** Task to complete **
Repeat only the lines below from the one containing "exists (c1 *: (rotmx" through the one containing "End RotationMatrices.", inclusive, exactly as written.

** Stored items **
----

Lemma rotmx_mod_onesM c1 k1 A1 c2 k2 A2 :
  rotmx_mod_ones c1 k1 A1 -> rotmx_mod_ones c2 k2 A2 ->
  rotmx_mod_ones (c1 * c2) (k1 + k2) (A1 *m A2).
Proof.
move=> [w1 ->] [w2 ->].
exists (c1 *: (rotmx k1 *m w2) + c2 *: w1 + w1 *m (ones *m w2)).
rewrite mulmxDl !mulmxDr -!scalemxAl -!scalemxAr scalerA rotmxD.
by rewrite -!mulmxA ones_rotmx !mulmxDl -!scalemxAl !mulmxA !addrA.
Qed.

Lemma rotmx_mod_ones_iter c k A j : rotmx_mod_ones c k A ->
  rotmx_mod_ones (c ^+ j) (j * k) (iter j (mulmx A) 1%:M).
Proof.
move=> modA; elim: j => [|j IHj] /=.
  by exists 0; rewrite expr0 scale1r mul0n rotmx0 mul0mx addr0.
by rewrite exprS mulSn; apply: rotmx_mod_onesM.
Qed.

Lemma eqn_modMr_coprime (a b k : nat) : (a < n)%N -> (b < n)%N -> coprime k n ->
  ((a * k) %% n == (b * k) %% n)%N = (a == b).
Proof.
move=> lt_a lt_b coprime_k; apply/idP/idP => [|/eqP -> //].
wlog le_ab : a b lt_a lt_b / (a <= b)%N.
  move=> IH; case: (leqP a b) => [|/ltnW]; first exact: IH.
  by rewrite eq_sym [_ == b]eq_sym; apply: IH.
rewrite eq_sym eqn_mod_dvd ?leq_mul2r ?le_ab ?orbT // -mulnBl.
rewrite Gauss_dvdl 1?coprime_sym // => dvd_n.
have : ~~ (0 < b - a)%N by apply/negP => /dvdn_leq /(_ dvd_n); lia.
lia.
Qed.

(* Conjugating by the permutation [i |-> i * k mod n] turns [rotmx k] into [rotmx 1]. *)
Lemma det_1_sub_rotmx_coprime k y : coprime k n ->
  \det (1%:M - y *: rotmx k) = \det (1%:M - y *: rotmx 1).
Proof.
move=> coprime_k.
pose f (i : 'I_n) := Ordinal (ltn_pmod (i * k) (ltn0Sn p)).
have f_inj : injective f.
  by move=> i j /(congr1 val) /eqP; rewrite /= eqn_modMr_coprime // => /eqP/val_inj.
have -> : 1%:M - y *: rotmx 1 = row_perm (perm f_inj) (col_perm (perm f_inj) (1%:M - y *: rotmx k)).
  apply/matrixP => i j; rewrite !mxE !permE /= (inj_eq f_inj); congr (_ - y * _%:R).
  by rewrite modnDml -mulSnr -[(j.+1 * k %% n)%N]modnMml eqn_modMr_coprime ?ltn_mod // addn1.
rewrite row_permE col_permE !det_mulmx !det_perm odd_permV.
by rewrite mulrCA -signr_addb addbb expr0 mulr1.
Qed.

End RotationMatrices.

Lemma modn_le x d : (x <= d)%N -> (x %% d = if x == d then 0 else x)%N.
Proof. by move=> le_xd; case: eqP => [->|ne]; rewrite ?modnn // modn_small; lia. Qed.

Ltac mod_lia := rewrite /bump => *;
  repeat (rewrite modn_le; last by lia); repeat case: ifPn => ?;
  first [apply/negbTE/eqP | apply/eqP]; lia.

Lemma det_1_sub_rotmx1 (R : comNzRingType) p (y : R) :
  \det (1%:M - y *: rotmx R p 1) = 1 - y ^+ p.+1.
Proof.
case: p => [|r]; first by rewrite det_mx11 !mxE /= mulr1.
(* Along row 0 only columns 0 and n-1 contribute, and both minors are triangular. *)
set M := 1%:M - _.
rewrite (expand_det_row _ ord0) big_ord_recl big_ord_recr /= big1; last first.
  move=> i _; rewrite !mxE /=.
  have -> : (0%N == ((bump 0 i + 1) %% r.+2)%N) = false by move: (ltn_ord i); mod_lia.
  by rewrite mulr0 subr0 mul0r.
have cof00 : cofactor M ord0 ord0 = 1.
  rewrite /cofactor /= expr0 mul1r det_trig.
    apply: big1 => i _; rewrite !mxE /= eqxx.
    have -> : (bump 0 i == ((bump 0 i + 1) %% r.+2)%N) = false by move: (ltn_ord i); mod_lia.
    by rewrite mulr0 subr0.
  apply/is_trig_mxP => i j lt_ij; rewrite !mxE /=.
  have -> : (lift ord0 i == lift ord0 j) = false.
    by rewrite -val_eqE /=; move: (ltn_ord i) (ltn_ord j) lt_ij; mod_lia.
  have -> : (bump 0 i == ((bump 0 j + 1) %% r.+2)%N) = false.
    by move: (ltn_ord i) (ltn_ord j) lt_ij; mod_lia.
  by rewrite mulr0 subr0.
have cof0n : cofactor M ord0 (lift ord0 ord_max) = (-1) ^+ r.+1 * (- y) ^+ r.+1.
  rewrite /cofactor /= -det_tr det_trig.
    congr (_ * _); rewrite -[in RHS](card_ord r.+1) -prodr_const; apply: eq_bigr => i _.
    rewrite !mxE /=.
    have -> : (lift ord0 i == lift (lift ord0 ord_max) i) = false.
      by rewrite -val_eqE /=; move: (ltn_ord i); mod_lia.
    have -> : (bump 0 i == ((bump (bump 0 r) i + 1) %% r.+2)%N) = true.
      by move: (ltn_ord i); mod_lia.
    by rewrite /= sub0r mulr1.
  apply/is_trig_mxP => i j lt_ij; rewrite !mxE /=.
  have -> : (lift ord0 j == lift (lift ord0 ord_max) i) = false.
    by rewrite -val_eqE /=; move: (ltn_ord i) (ltn_ord j) lt_ij; mod_lia.
  have -> : (bump 0 j == ((bump (bump 0 r) i + 1) %% r.+2)%N) = false.
    by move: (ltn_ord i) (ltn_ord j) lt_ij; mod_lia.
  by rewrite mulr0 subr0.
rewrite cof00 cof0n !mxE /=.
have -> : (0%N == ((bump 0 r + 1) %% r.+2)%N) = true by mod_lia.
have sign2 : (-1) ^+ r.+1 * (-1) ^+ r.+1 = 1 :> R by rewrite -exprMn mulrNN mulr1 expr1n.
by rewrite [(- y) ^+ _]exprNn mulrA sign2 mul1r [in RHS]exprS /= !(mulr0, mulr1, subr0, sub0r, add0r) mulNr.
Qed.
Lemma Qp_ext (x y : Q) : qk x = qk y -> qz x = qz y -> x = y.
Proof.
case: x => kx zx hx; case: y => ky zy hy /= hk hz; subst.
by rewrite (bool_irrelevance hx hy).
Qed.

Lemma qval_inj N (x y : Q) :
  (qk x <= N)%N -> (qk y <= N)%N -> qval N x = qval N y -> x = y.
Proof.
wlog hxy : x y / (qk x <= qk y)%N.
  move=> W hx hy e; case: (leqP (qk x) (qk y)) => h; first exact: W.
  by symmetry; apply: W => //; apply: ltnW.
move=> hx hy e; case: (ltnP (qk x) (qk y)) => h.
  have hy0 : qz y 0 != ord0.
    by case/orP: (qok y) => // /eqP hk; move: h; rewrite hk.
  have := congr1 (fun f => f (N - qk y)%N) e => /=.
  rewrite !qval_digit ltnn subnn.
  have -> : (N - qk y < N - qk x)%N by lia.
  by move=> e'; rewrite -e' eqxx in hy0.
have hk : qk x = qk y by apply/eqP; rewrite eqn_leq hxy h.
apply: Qp_ext => //; apply: funext => i.
have := congr1 (fun f => f (i + (N - qk x))%N) e => /=.
by rewrite !qval_digit -hk ltnNge leq_addl /= addnK.
Qed.

Lemma lowdeg_le K (z : Zp) : (lowdeg K z <= K)%N.
Proof.
by rewrite /lowdeg; have := find_size (fun i => z i != ord0) (iota 0 K); rewrite size_iota.
Qed.

Lemma lowdeg_digit K (z : Zp) i : (i < lowdeg K z)%N -> z i = ord0.
Proof.
move=> h; have := @before_find _ 0%N (fun i => z i != ord0) (iota 0 K) i h.
rewrite nth_iota ?add0n; first by move/negbFE/eqP.
exact: leq_trans h (lowdeg_le K z).
Qed.

Lemma qk_normalize K (z : Zp) : (qk (normalize K z) <= K)%N.
Proof. exact: leq_subr. Qed.
Lemma ratio_lt {a b} {Wa Wb ka kb : R -> R} :
  {within `[a, b], continuous Wa} -> {within `[a, b], continuous Wb} ->
  (forall t, 0 < Wa t) -> (forall t, 0 < Wb t) ->
  (forall t, a < t < b -> is_derive t 1 Wa (ka t * Wa t)) ->
  (forall t, a < t < b -> is_derive t 1 Wb (kb t * Wb t)) ->
  (forall t, a < t < b -> ka t < kb t) ->
  {in `[a, b] &, {homo (fun t => Wb t / Wa t) : s t / s < t}}.
Proof.
move=> Wac Wbc Wa_gt0 Wb_gt0 Wad Wbd kab.
have Wa0 t : Wa t != 0 by exact: lt0r_neq0.
apply: (is_derive_gt0_lt _ _ _ (fun t => (kb t - ka t) * (Wb t / Wa t))).
- move=> t tab; have := is_deriveMr (Wbd t tab) (is_deriveV (Wa0 t) (Wad t tab)).
  by move/is_derive_eq; apply; rewrite -![_ *: _]/(_ * _); field.
- by apply: within_continuousM => //; apply: within_continuousV.
- by move=> t tab; rewrite mulr_gt0 ?subr_gt0 ?kab ?divr_gt0.
Qed.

----

** Answer section **
exists (c1 *: (rotmx k1 *m w2) + c2 *: w1 + w1 *m (ones *m w2)).
rewrite mulmxDl !mulmxDr -!scalemxAl -!scalemxAr scalerA rotmxD.
by rewrite -!mulmxA ones_rotmx !mulmxDl -!scalemxAl !mulmxA !addrA.
Qed.

Lemma rotmx_mod_ones_iter c k A j : rotmx_mod_ones c k A ->
  rotmx_mod_ones (c ^+ j) (j * k) (iter j (mulmx A) 1%:M).
Proof.
move=> modA; elim: j => [|j IHj] /=.
  by exists 0; rewrite expr0 scale1r mul0n rotmx0 mul0mx addr0.
by rewrite exprS mulSn; apply: rotmx_mod_onesM.
Qed.

Lemma eqn_modMr_coprime (a b k : nat) : (a < n)%N -> (b < n)%N -> coprime k n ->
  ((a * k) %% n == (b * k) %% n)%N = (a == b).
Proof.
move=> lt_a lt_b coprime_k; apply/idP/idP => [|/eqP -> //].
wlog le_ab : a b lt_a lt_b / (a <= b)%N.
  move=> IH; case: (leqP a b) => [|/ltnW]; first exact: IH.
  by rewrite eq_sym [_ == b]eq_sym; apply: IH.
rewrite eq_sym eqn_mod_dvd ?leq_mul2r ?le_ab ?orbT // -mulnBl.
rewrite Gauss_dvdl 1?coprime_sym // => dvd_n.
have : ~~ (0 < b - a)%N by apply/negP => /dvdn_leq /(_ dvd_n); lia.
lia.
Qed.

(* Conjugating by the permutation [i |-> i * k mod n] turns [rotmx k] into [rotmx 1]. *)
Lemma det_1_sub_rotmx_coprime k y : coprime k n ->
  \det (1%:M - y *: rotmx k) = \det (1%:M - y *: rotmx 1).
Proof.
move=> coprime_k.
pose f (i : 'I_n) := Ordinal (ltn_pmod (i * k) (ltn0Sn p)).
have f_inj : injective f.
  by move=> i j /(congr1 val) /eqP; rewrite /= eqn_modMr_coprime // => /eqP/val_inj.
have -> : 1%:M - y *: rotmx 1 = row_perm (perm f_inj) (col_perm (perm f_inj) (1%:M - y *: rotmx k)).
  apply/matrixP => i j; rewrite !mxE !permE /= (inj_eq f_inj); congr (_ - y * _%:R).
  by rewrite modnDml -mulSnr -[(j.+1 * k %% n)%N]modnMml eqn_modMr_coprime ?ltn_mod // addn1.
rewrite row_permE col_permE !det_mulmx !det_perm odd_permV.
by rewrite mulrCA -signr_addb addbb expr0 mulr1.
Qed.

End RotationMatrices.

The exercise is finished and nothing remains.